● **TASK STATEMENT**:
How do the records below read from their first line through the line containing "Lemma Jminus_eq (mu0"? Write those lines out exactly.

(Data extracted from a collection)
Lemma survival_slope_pos (c x : R) : 0 < c -> 0 < x -> 0 < phi_std (c / x) * (c / (x * x)).
Proof.
  intros Hc Hx. apply Rmult_lt_0_compat; [apply phi_std_pos | apply Rdiv_lt_0_compat; nra].
Qed.

Lemma Bfun_lt_Afun (mu0 mu1 sH s : R) : mu0 < mu1 -> 0 < sH -> Bfun mu0 sH s < Afun mu1 sH s.
Proof.
  intros Hmu HsH. unfold Afun, Bfun.
  assert (Hcut : (s - mu1) / sH < (s - mu0) / sH)
    by (apply Rmult_lt_compat_r; [apply Rinv_0_lt_compat |]; lra).
  pose proof (Phi_increasing _ _ Hcut). lra.
Qed.

Lemma Jminus_eq (mu0 mu1 pi lam p s x : R) : 0 < lam < 1 -> 0 < pi < 1 -> 0 < p < 1 ->
  let A := Afun mu1 x s in let B := Bfun mu0 x s in let q := (1 - pi) * p in
  Jminus mu0 mu1 pi lam p s x
  = ln (jminus_num lam pi q A B / (mixture lam A B * jminus_den lam pi q A B)).
Proof.
  intros Hl Hpi Hp A B q.
  assert (HA : 0 < A) by apply survival_pos. assert (HB : 0 < B) by apply survival_pos.
  assert (Hq : 0 < q) by (unfold q; nra).
  pose proof (mixture_pos lam Hl A B HA HB).
  pose proof (jminus_den_pos lam pi q Hl (proj1 Hpi) Hq A B HA HB).
  unfold Jminus, estar, pH, pL. fold A B q. f_equal.
  unfold mixture, jminus_den, jminus_num in *.
  assert (0 < pi * (lam * A + (1 - lam) * B) + q) by nra.
  field. repeat split; try lra. nra.
Qed.

Theorem lemmaD6 (mu0 mu1 pi lam p s sH : R) :
  mu0 < mu1 -> 0 < sH ->
  0 < pi < 1 -> 0 < lam < 1 -> 0 < p < 1 ->
  mu0 < s < mu1 ->
  (ex_derive (fun x => Jplus mu0 mu1 lam s x) sH /\
   Derive (fun x => Jplus mu0 mu1 lam s x) sH < 0) /\
  (ex_derive (fun x => Jminus mu0 mu1 pi lam p s x) sH /\
   Derive (fun x => Jminus mu0 mu1 pi lam p s x) sH > 0).
Proof.
  intros Hmu HsH Hpi Hl Hp Hs.
  set (fA := fun z => Afun mu1 z s). set (fB := fun z => Bfun mu0 z s).
  assert (dfA := is_derive_survival (s - mu1) sH ltac:(lra)).
  assert (dfB := is_derive_survival (s - mu0) sH ltac:(lra)).
  assert (dA_neg := survival_slope_neg (s - mu1) sH ltac:(lra) HsH).
  assert (dB_pos := survival_slope_pos (s - mu0) sH ltac:(lra) HsH).
  assert (fA_pos : 0 < fA sH) by apply survival_pos.
  assert (fB_pos : 0 < fB sH) by apply survival_pos.
  assert (fB_lt_fA : fB sH < fA sH) by (apply Bfun_lt_Afun; lra).
  split.
  - pose proof (is_derive_jplus lam Hl fA fB sH _ _ dfA dfB fA_pos fB_pos) as J.
    apply (is_derive_ext _ (fun x => Jplus mu0 mu1 lam s x)) in J; [| reflexivity].
    split; [eexists; exact J |].
    erewrite is_derive_unique by exact J.
    exact (jplus_slope_neg lam Hl fA fB sH _ _ fA_pos fB_pos dA_neg dB_pos).
  - set (q := (1 - pi) * p). assert (Hq : 0 < q) by (unfold q; nra).
    pose proof (is_derive_jminus lam pi q Hl (proj1 Hpi) Hq fA fB sH _ _ dfA dfB fA_pos fB_pos)
      as J.
    apply (is_derive_ext _ (fun x => Jminus mu0 mu1 pi lam p s x)) in J;
      [| intros z; symmetry; apply Jminus_eq; assumption].
    split; [eexists; exact J |].
    erewrite is_derive_unique by exact J.
    exact (jminus_slope_pos lam pi q Hl (proj1 Hpi) Hq fA fB sH _ _
             fA_pos fB_pos dA_neg dB_pos fB_lt_fA).
Qed.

● **SOLUTION**:
Lemma survival_slope_pos (c x : R) : 0 < c -> 0 < x -> 0 < phi_std (c / x) * (c / (x * x)).
Proof.
  intros Hc Hx. apply Rmult_lt_0_compat; [apply phi_std_pos | apply Rdiv_lt_0_compat; nra].
Qed.

Lemma Bfun_lt_Afun (mu0 mu1 sH s : R) : mu0 < mu1 -> 0 < sH -> Bfun mu0 sH s < Afun mu1 sH s.
Proof.
  intros Hmu HsH. unfold Afun, Bfun.
  assert (Hcut : (s - mu1) / sH < (s - mu0) / sH)
    by (apply Rmult_lt_compat_r; [apply Rinv_0_lt_compat |]; lra).
  pose proof (Phi_increasing _ _ Hcut). lra.
Qed.

Lemma Jminus_eq (mu0 mu1 pi lam p s x : R) : 0 < lam < 1 -> 0 < pi < 1 -> 0 < p < 1 ->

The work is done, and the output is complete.